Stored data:
(* For every graph $G$ on $[n]$, the ideal $I^{(2)}_G$ is contained in $I_G$. Moreover, suppose $I^{(2)}_G$ is prime, $I^{(2)}_G\cap\mathbb C[x]=\{0\}$ and $I^{(2)}_G\cap\mathbb C[s]=K_G$. Then $I^{(2)}_G=I_G$.
   Context: Setup. $G\subseteq\binom{[n]}{2}$ is a simple graph, and $G_i$ is the set of neighbours of $i$. We work in the polynomial ring $\mathbb C[s,x]$ with variables $s_{ij}$ ($ij\in G$) and $x_1,\dots,x_n$. $K_G$ denotes the ideal generated by the linear forms $\sum_{j\in G_i}s_{ij}$ for $i\in[n]$ (considered in $\mathbb C[s]$ or in $\mathbb C[s,x]$ as appropriate). $L_G=\sum_{ij\in G}s_{ij}\log(x_i-x_j)$, so $\partial L_G/\partial x_i=\sum_{j\in G_i}s_{ij}/(x_i-x_j)$. The ideals $I^{(0)}_G$ and $I_G$. $I^{(0)}_G$ is generated by $K_G$ and by $\prod_{j\in G_i}(x_i-x_j)\cdot\partial L_G/\partial x_i$ for $i\in[n]$. Then $$I_G=\{f\in\mathbb C[s,x]: abf\in I^{(0)}_G\ \text{for some nonzero } a\in\mathbb C[x]\ \text{and some } b\in\mathbb C[s]\setminus K_G\}.$$ The ideal $I^{(1)}_G$. It is generated by $I^{(0)}_G$ and by $\theta_k=\sum_{ij\in G}s_{ij}\sum_{\ell=0}^k x_i^{k-\ell}x_j^\ell$ for $k=2,\dots,n-2$. Separators and the ideal $I^{(2)}_G$. A subset $T\subset[n]$ is a separator of $G$ if the induced subgraph of $G$ on $[n]\setminus T$ has more connected components than $G$. For a separator $T$ and a connected component $C$ of $G\setminus T$, define $f_i(x)=\prod_{t\in T}(x_i-x_t)$ if $i\in C$ and $f_i=0$ otherwise. The expression $\sum_{i=1}^n f_i\,\partial L_G/\partial x_i$ is then a polynomial in $\mathbb C[s,x]$ (a separator-based derivation polynomial). $I^{(2)}_G$ is the ideal generated by $I^{(1)}_G$ together with all separator-based derivation polynomials, over all pairs $(T,C)$. *)

From HB Require Import structures.
From mathcomp Require Import all_boot all_order all_algebra.
From mathcomp Require Import reals.
From mathcomp Require Import complex.
From mathcomp Require Import fraction mpoly.

Unset Printing Implicit Defensive.

Import Order.TTheory GRing.Theory Num.Theory.
Local Open Scope ring_scope.

Definition simple_graph (n : nat) (G : {set {set 'I_n}}) : Prop :=
  forall e, e \in G -> #|e| = 2%N.

Section Ring.
Variables (R : realType) (n : nat) (G : {set {set 'I_n}}).

Definition CC := R[i].

(* the edges of G, and the variables: s_e for e in G, then x_1..x_n *)
Definition edge := {e : {set 'I_n} | e \in G}.
Definition var := (edge + 'I_n)%type.
Definition nv := #|{: var}|.

Definition PR := {mpoly CC[nv]}.
Definition FR := {fraction PR}.
Definition tofr (p : PR) : FR := @FracField.tofrac PR p.
Local Notation "x %:F" := (tofr x).

Definition xv (i : 'I_n) : PR := 'X_(enum_rank (inr i : var)).
Definition sv (e : edge) : PR := 'X_(enum_rank (inl e : var)).
(* s_{ij}, for ij in G (0 otherwise; only used for ij in G) *)
Definition s (i j : 'I_n) : PR :=
  if insub [set i; j] is Some e then sv e else 0.

Definition nbhd (i : 'I_n) : {set 'I_n} := [set j | [set i; j] \in G].

Definition inX (f : PR) : Prop :=
  forall m, m \in msupp f -> forall e : edge, m (enum_rank (inl e : var)) = 0%N.
Definition inS (f : PR) : Prop :=
  forall m, m \in msupp f -> forall i : 'I_n, m (enum_rank (inr i : var)) = 0%N.

Definition ideal_gen_in (A S : PR -> Prop) (f : PR) : Prop :=
  exists l : seq (PR * PR),
    (forall q, q \in l -> A q.1 /\ S q.2) /\ f = \sum_(q <- l) q.1 * q.2.
Definition ideal_gen (S : PR -> Prop) : PR -> Prop :=
  ideal_gen_in (fun _ => True) S.

Definition prime_ideal (I : PR -> Prop) : Prop :=
  ~ I 1 /\ forall a b, I (a * b) -> I a \/ I b.

Definition linform (i : 'I_n) : PR := \sum_(j in nbhd i) s i j.
Definition is_linform (f : PR) : Prop := exists i, f = linform i.

Definition KG : PR -> Prop := ideal_gen is_linform.
Definition KGs : PR -> Prop := ideal_gen_in inS is_linform.

Definition dL (i : 'I_n) : FR :=
  \sum_(j in nbhd i) (s i j)%:F / (xv i - xv j)%:F.

Definition is_clearedL (f : PR) : Prop :=
  exists i, f%:F = (\prod_(j in nbhd i) (xv i - xv j))%:F * dL i.

Definition I0 : PR -> Prop :=
  ideal_gen (fun f => is_linform f \/ is_clearedL f).

Definition theta (k : nat) : PR :=
  \sum_(i < n) \sum_(j < n | (i < j)%N && ([set i; j] \in G))
     s i j * \sum_(l < k.+1) xv i ^+ (k - l) * xv j ^+ l.

Definition I1 : PR -> Prop :=
  ideal_gen (fun f => I0 f \/ exists k, (2 <= k <= n - 2)%N /\ f = theta k).

Definition adj (U : {set 'I_n}) : rel 'I_n :=
  fun i j => [&& i \in U, j \in U & [set i; j] \in G].
Definition ncomp (U : {set 'I_n}) : nat := n_comp (adj U) U.

Definition separator (T : {set 'I_n}) : Prop :=
  (ncomp setT < ncomp (~: T))%N.

Definition component (T C : {set 'I_n}) : Prop :=
  exists2 i, i \in ~: T & C = [set j | connect (adj (~: T)) i j].

Definition sepf (T C : {set 'I_n}) (i : 'I_n) : PR :=
  if i \in C then \prod_(t in T) (xv i - xv t) else 0.

Definition is_sep_poly (f : PR) : Prop :=
  exists T C, separator T /\ component T C /\
    f%:F = \sum_(i < n) (sepf T C i)%:F * dL i.

Definition I2 : PR -> Prop := ideal_gen (fun f => I1 f \/ is_sep_poly f).

Definition IG (f : PR) : Prop :=
  exists a b, [/\ inX a, a != 0, inS b, ~ KGs b & I0 (a * b * f)].

End Ring.

From Pilot Require Import Defs.
From HB Require Import structures.
From mathcomp Require Import all_boot all_order all_algebra.
From mathcomp Require Import reals complex fraction mpoly.
From mathcomp Require Import ring.
Local Open Scope ring_scope.
Import GRing.Theory.
Set Implicit Arguments.
Unset Strict Implicit.

(* Every generator g of I2 is, in the fraction field, a polynomial combination
   sum_i c_i dL_G/dx_i: for theta_k take c_i = x_i^(k+1) and pair the terms of
   each edge, for the separator polynomials this is their definition, and the
   generators of I0 are already in I0.  Multiplying by the product of all the
   differences x_i - x_j (ij in G) clears the denominators and lands in I0, so
   I2 is inside I_G with a = that product and b = 1.  Conversely, if abf is in
   I0, hence in the prime ideal I2, then a in I2 /\ C[x] = 0 and b in
   I2 /\ C[s] = K_G are excluded, so f is in I2. *)

Lemma subr_mpolyX_neq0 (R : nzRingType) k (i j : 'I_k) :
  i != j -> 'X_i - 'X_j != 0 :> {mpoly R[k]}.
Proof.
move=> neq_ij; rewrite subr_eq0; apply/eqP => /(congr1 (mcoeff U_(i))).
by rewrite !mcoeffXU eqxx eq_sym (negbTE neq_ij) => /eqP; rewrite oner_eq0.
Qed.

Lemma mulr_prod_sum_frac (F : fieldType) (I : finType) (P : pred I)
    (num den : I -> F) :
  (forall j, P j -> den j != 0) ->
  (\prod_(j | P j) den j) * \sum_(j | P j) num j / den j =
  \sum_(j | P j) num j * \prod_(k | P k && (k != j)) den k.
Proof.
move=> den_neq0; rewrite mulr_sumr; apply: eq_bigr => j Pj.
by rewrite (bigD1 j Pj) /=; field; apply: den_neq0.
Qed.

Lemma sum_powS_frac (F : fieldType) (a b c : F) k :
  a != b ->
  a ^+ k.+1 * (c / (a - b)) + b ^+ k.+1 * (c / (b - a)) =
  c * \sum_(l < k.+1) a ^+ (k - l) * b ^+ l.
Proof.
rewrite -subr_eq0 => ab_neq0.
have -> : b - a = - (a - b) by rewrite opprB.
rewrite invrN !mulrN !(mulrCA _ c) -mulrBr; congr (_ * _).
by rewrite -mulrBl subrXX /= mulrC mulKf.
Qed.

Lemma sum_sym_rel_pairs (V : nmodType) k (r : rel 'I_k) (t : 'I_k -> 'I_k -> V) :
  (forall i j, r i j = r j i) -> irreflexive r ->
  \sum_i \sum_(j | r i j) t i j =
  \sum_(i : 'I_k) \sum_(j : 'I_k | (i < j)%N && r i j) (t i j + t j i).
Proof.
move=> r_sym r_irr.
under eq_bigr => i _ do rewrite (bigID (fun j : 'I_k => (i < j)%N)) /=.
rewrite big_split /=; under [RHS]eq_bigr do rewrite big_split /=.
rewrite [RHS]big_split /=; congr (_ + _).
  by apply: eq_bigr => i _; apply: eq_bigl => j; rewrite andbC.
under eq_bigr do rewrite big_mkcond /=.
rewrite exchange_big /=; apply: eq_bigr => i _; rewrite [RHS]big_mkcond /=.
apply: eq_bigr => j _; rewrite r_sym.
case: (ltngtP i j) => [lt_ij|lt_ji|/val_inj ->]; rewrite ?andbT ?andbF //.
by rewrite r_irr.
Qed.

Section Ideals.
Variables (R : realType) (n : nat) (G : {set {set 'I_n}}).

Local Notation PR := (PR R n G).
Local Notation ideal_gen_in := (ideal_gen_in R n G).
Local Notation ideal_gen := (ideal_gen R n G).

Lemma ideal_gen_in_sum (A S : PR -> Prop) (I : Type) (r : seq I) (P : pred I)
    (F : I -> PR) :
  (forall i, P i -> ideal_gen_in A S (F i)) ->
  ideal_gen_in A S (\sum_(i <- r | P i) F i).
Proof.
move=> IF; apply: big_ind => //; first by exists [::]; rewrite big_nil.
move=> _ _ [l1 [A1 ->]] [l2 [A2 ->]]; exists (l1 ++ l2); rewrite big_cat.
by split=> // q; rewrite mem_cat => /orP[/A1|/A2].
Qed.

Lemma ideal_genM (S : PR -> Prop) a f : ideal_gen S f -> ideal_gen S (a * f).
Proof.
case=> l [lS ->]; exists [seq (a * q.1, q.2) | q <- l]; split.
  by move=> _ /mapP[q /lS[_ Sq] ->].
by rewrite big_map mulr_sumr; apply: eq_bigr => q _; rewrite mulrA.
Qed.

Lemma ideal_gen_gen (S : PR -> Prop) g : S g -> ideal_gen S g.
Proof.
move=> Sg; exists [:: (1, g)]; rewrite big_seq1 mul1r.
by split=> // q; rewrite inE => /eqP ->.
Qed.

Lemma ideal_gen_mull_sub (S S' : PR -> Prop) a f :
  (forall g, S g -> ideal_gen S' (a * g)) ->
  ideal_gen S f -> ideal_gen S' (a * f).
Proof.
move=> aS [l [lS ->]]; rewrite mulr_sumr big_seq.
apply: ideal_gen_in_sum => q /lS[_ Sq]; rewrite mulrCA.
exact/ideal_genM/aS.
Qed.
End Ideals.

Section Theorem11.
Variables (R : realType) (n : nat) (G : {set {set 'I_n}}).
Hypothesis simpleG : simple_graph n G.

Local Notation PR := (PR R n G).
Local Notation xv := (xv R n G).
Local Notation s := (s R n G).
Local Notation nbhd := (nbhd n G).
Local Notation dL := (dL R n G).
Local Notation tofr := (tofr R n G).
Local Notation inX := (inX R n G).
Local Notation inS := (inS R n G).
Local Notation I0 := (I0 R n G).
Local Notation I2 := (I2 R n G).

HB.instance Definition _ := GRing.RMorphism.copy tofr (@FracField.tofrac PR).

Lemma tofr_inj : injective tofr.
Proof. by move=> p q /eqP; rewrite tofrac_eq => /eqP. Qed.

Lemma s_sym i j : s i j = s j i.
Proof. by rewrite /Defs.s setUC. Qed.

Lemma nbhd_neq i j : j \in nbhd i -> i != j.
Proof. by rewrite inE => /simpleG; rewrite cards2; case: (i != j). Qed.

Lemma xv_sub_neq0 i j : i != j -> xv i - xv j != 0.
Proof.
move=> neq_ij; apply: subr_mpolyX_neq0.
by rewrite (inj_eq enum_rank_inj) (inj_eq (@inr_inj _ _)).
Qed.

Lemma tofr_xv_sub_neq0 i j : i != j -> tofr (xv i) - tofr (xv j) != 0.
Proof. by move=> neq_ij; rewrite -rmorphB tofrac_eq0 xv_sub_neq0. Qed.

Definition denom i : PR := \prod_(j in nbhd i) (xv i - xv j).
Definition denom_prod : PR := \prod_i denom i.

Definition cleared i : PR :=
  \sum_(j in nbhd i) s i j * \prod_(k in nbhd i | k != j) (xv i - xv k).

Definition derivation_poly (f : PR) : Prop :=
  exists c : 'I_n -> PR, tofr f = \sum_i tofr (c i) * dL i.

Lemma tofr_cleared i : tofr (cleared i) = tofr (denom i) * dL i.
Proof.
rewrite /cleared /denom /Defs.dL rmorph_prod mulr_prod_sum_frac.
  rewrite rmorph_sum; apply: eq_bigr => j _.
  by rewrite rmorphM rmorph_prod; under eq_bigr do rewrite rmorphB.
by move=> j /nbhd_neq; rewrite rmorphB; apply: tofr_xv_sub_neq0.
Qed.

Lemma derivation_poly_I0 f : derivation_poly f -> I0 (denom_prod * f).
Proof.
case=> c Ef.
have -> : denom_prod * f = \sum_i (c i * \prod_(k | k != i) denom k) * cleared i.
  apply: tofr_inj; rewrite rmorphM /= Ef rmorph_sum mulr_sumr.
  apply: eq_bigr => i _; rewrite !rmorphM /= tofr_cleared /denom_prod (bigD1 i) //.
  by rewrite rmorphM /=; ring.
apply: ideal_gen_in_sum => i _; apply: ideal_genM.
by apply: ideal_gen_gen; right; exists i; apply: tofr_cleared.
Qed.

Lemma theta_derivation_poly k : derivation_poly (theta R n G k).
Proof.
exists (fun i => xv i ^+ k.+1).
pose X i := tofr (xv i).
pose t i j := X i ^+ k.+1 * (tofr (s i j) / (X i - X j)).
have -> : \sum_i tofr (xv i ^+ k.+1) * dL i =
          \sum_i \sum_(j | [set i; j] \in G) t i j.
  apply: eq_bigr => i _; rewrite /Defs.dL mulr_sumr rmorphXn.
  by apply: eq_big => [j|j _]; rewrite ?inE // /t /X rmorphB.
rewrite sum_sym_rel_pairs; first last.
- by move=> i; apply/negP => /simpleG; rewrite setUid cards1.
- by move=> i j; rewrite setUC.
rewrite rmorph_sum; apply: eq_bigr => i _; rewrite rmorph_sum.
apply: eq_bigr => j /andP[lt_ij _]; rewrite /t (s_sym j i).
have neq_ij : i != j by apply: contraTneq lt_ij => ->; rewrite ltnn.
rewrite sum_powS_frac; last by rewrite -subr_eq0 tofr_xv_sub_neq0.
rewrite rmorphM rmorph_sum /=.
by congr (_ * _); apply: eq_bigr => l _; rewrite rmorphM !rmorphXn.
Qed.

Lemma I2_mul_denom_prod_I0 f : I2 f -> I0 (denom_prod * f).
Proof.
apply: ideal_gen_mull_sub => g [I1g | [T [C [_ [_ Eg]]]]].
  move: I1g; apply: ideal_gen_mull_sub => h [I0h | [k [_ ->]]].
    exact: ideal_genM.
  exact/derivation_poly_I0/theta_derivation_poly.
by apply: derivation_poly_I0; exists (sepf R n G T C).
Qed.

Lemma inX1 : inX 1.
Proof. by move=> m; rewrite msupp1 inE => /eqP -> e; rewrite mnm0E. Qed.

Lemma inXM p q : inX p -> inX q -> inX (p * q).
Proof.
move=> Xp Xq m /msuppM_le /allpairsP[[m1 m2] [/= m1p m2q ->]] e.
by rewrite mnmDE (Xp _ m1p) (Xq _ m2q).
Qed.

Lemma inXB p q : inX p -> inX q -> inX (p - q).
Proof. by move=> Xp Xq m /msuppB_le; rewrite mem_cat => /orP[/Xp|/Xq]. Qed.

Lemma inX_xv i : inX (xv i).
Proof.
move=> m; rewrite msuppX inE => /eqP -> e; rewrite mnm1E.
by rewrite (inj_eq enum_rank_inj).
Qed.

Lemma inX_denom_prod : inX denom_prod.
Proof.
apply: big_ind => [|p q|i _]; [exact: inX1 | exact: inXM |].
apply: big_ind => [|p q|j _]; [exact: inX1 | exact: inXM |].
exact/inXB/inX_xv/inX_xv.
Qed.

Lemma denom_prod_neq0 : denom_prod != 0.
Proof.
apply/prodf_neq0 => i _; apply/prodf_neq0 => j /nbhd_neq.
exact: xv_sub_neq0.
Qed.

Lemma inS1 : inS 1.
Proof. by move=> m; rewrite msupp1 inE => /eqP -> i; rewrite mnm0E. Qed.

(* Evaluating at 0 kills every linear form, hence all of K_G, but not 1. *)
Lemma not_KGs1 : ~ KGs R n G 1.
Proof.
case=> l [lS /(congr1 (meval (fun _ => 0 : CC R)))].
rewrite meval1 raddf_sum big_seq big1 => [/eqP|q /lS[_ [i ->]]].
  by rewrite oner_eq0.
apply: (etrans (mevalM _ _ _)); rewrite /linform raddf_sum big1 ?mulr0 // => j _.
rewrite /Defs.s; case: insub => [e|]; [exact: (etrans (mevalXU _ _)) | exact: meval0].
Qed.

Lemma I2_sub_IG f : I2 f -> IG R n G f.
Proof.
move=> I2f; exists denom_prod, 1; split.
- exact: inX_denom_prod.
- exact: denom_prod_neq0.
- exact: inS1.
- exact: not_KGs1.
- by rewrite mulr1; apply: I2_mul_denom_prod_I0.
Qed.

Lemma IG_sub_I2 f :
  prime_ideal R n G I2 ->
  (forall g, inX g -> I2 g -> g = 0) ->
  (forall g, inS g -> (I2 g <-> KGs R n G g)) ->
  IG R n G f -> I2 f.
Proof.
move=> [_ I2_prime] I2X I2S [a [b [Xa a_neq0 Sb b_notK I0abf]]].
have I2abf : I2 (a * b * f) by do 2![apply: ideal_gen_gen; left].
case: (I2_prime _ _ I2abf) => [/I2_prime[I2a | I2b] | //].
  by move: a_neq0; rewrite (I2X _ Xa I2a) eqxx.
by case: b_notK; apply/(I2S _ Sb).
Qed.

End Theorem11.

Theorem mainTheorem11 (R : realType) (n : nat) (G : {set {set 'I_n}}) :
  simple_graph n G ->
  (forall f, I2 R n G f -> IG R n G f) /\
  (prime_ideal R n G (I2 R n G) ->
   (forall f, inX R n G f -> I2 R n G f -> f = 0) ->
   (forall f, inS R n G f -> (I2 R n G f <-> KGs R n G f)) ->
   forall f, I2 R n G f <-> IG R n G f).
Proof.
move=> simpleG; split=> [f | I2_prime I2X I2S f]; first exact: I2_sub_IG.
by split; [apply: I2_sub_IG | apply: IG_sub_I2].
Qed.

Instructions to follow:
Print every line from the one that contains "Lemma not_KGs1 : ~ KGs R n G 1." to the end of the records, exactly as written, and nothing more.

Answer for this exercise:
Lemma not_KGs1 : ~ KGs R n G 1.
Proof.
case=> l [lS /(congr1 (meval (fun _ => 0 : CC R)))].
rewrite meval1 raddf_sum big_seq big1 => [/eqP|q /lS[_ [i ->]]].
  by rewrite oner_eq0.
apply: (etrans (mevalM _ _ _)); rewrite /linform raddf_sum big1 ?mulr0 // => j _.
rewrite /Defs.s; case: insub => [e|]; [exact: (etrans (mevalXU _ _)) | exact: meval0].
Qed.

Lemma I2_sub_IG f : I2 f -> IG R n G f.
Proof.
move=> I2f; exists denom_prod, 1; split.
- exact: inX_denom_prod.
- exact: denom_prod_neq0.
- exact: inS1.
- exact: not_KGs1.
- by rewrite mulr1; apply: I2_mul_denom_prod_I0.
Qed.

Lemma IG_sub_I2 f :
  prime_ideal R n G I2 ->
  (forall g, inX g -> I2 g -> g = 0) ->
  (forall g, inS g -> (I2 g <-> KGs R n G g)) ->
  IG R n G f -> I2 f.
Proof.
move=> [_ I2_prime] I2X I2S [a [b [Xa a_neq0 Sb b_notK I0abf]]].
have I2abf : I2 (a * b * f) by do 2![apply: ideal_gen_gen; left].
case: (I2_prime _ _ I2abf) => [/I2_prime[I2a | I2b] | //].
  by move: a_neq0; rewrite (I2X _ Xa I2a) eqxx.
by case: b_notK; apply/(I2S _ Sb).
Qed.

End Theorem11.

Theorem mainTheorem11 (R : realType) (n : nat) (G : {set {set 'I_n}}) :
  simple_graph n G ->
  (forall f, I2 R n G f -> IG R n G f) /\
  (prime_ideal R n G (I2 R n G) ->
   (forall f, inX R n G f -> I2 R n G f -> f = 0) ->
   (forall f, inS R n G f -> (I2 R n G f <-> KGs R n G f)) ->
   forall f, I2 R n G f <-> IG R n G f).
Proof.
move=> simpleG; split=> [f | I2_prime I2X I2S f]; first exact: I2_sub_IG.
by split; [apply: I2_sub_IG | apply: IG_sub_I2].
Qed.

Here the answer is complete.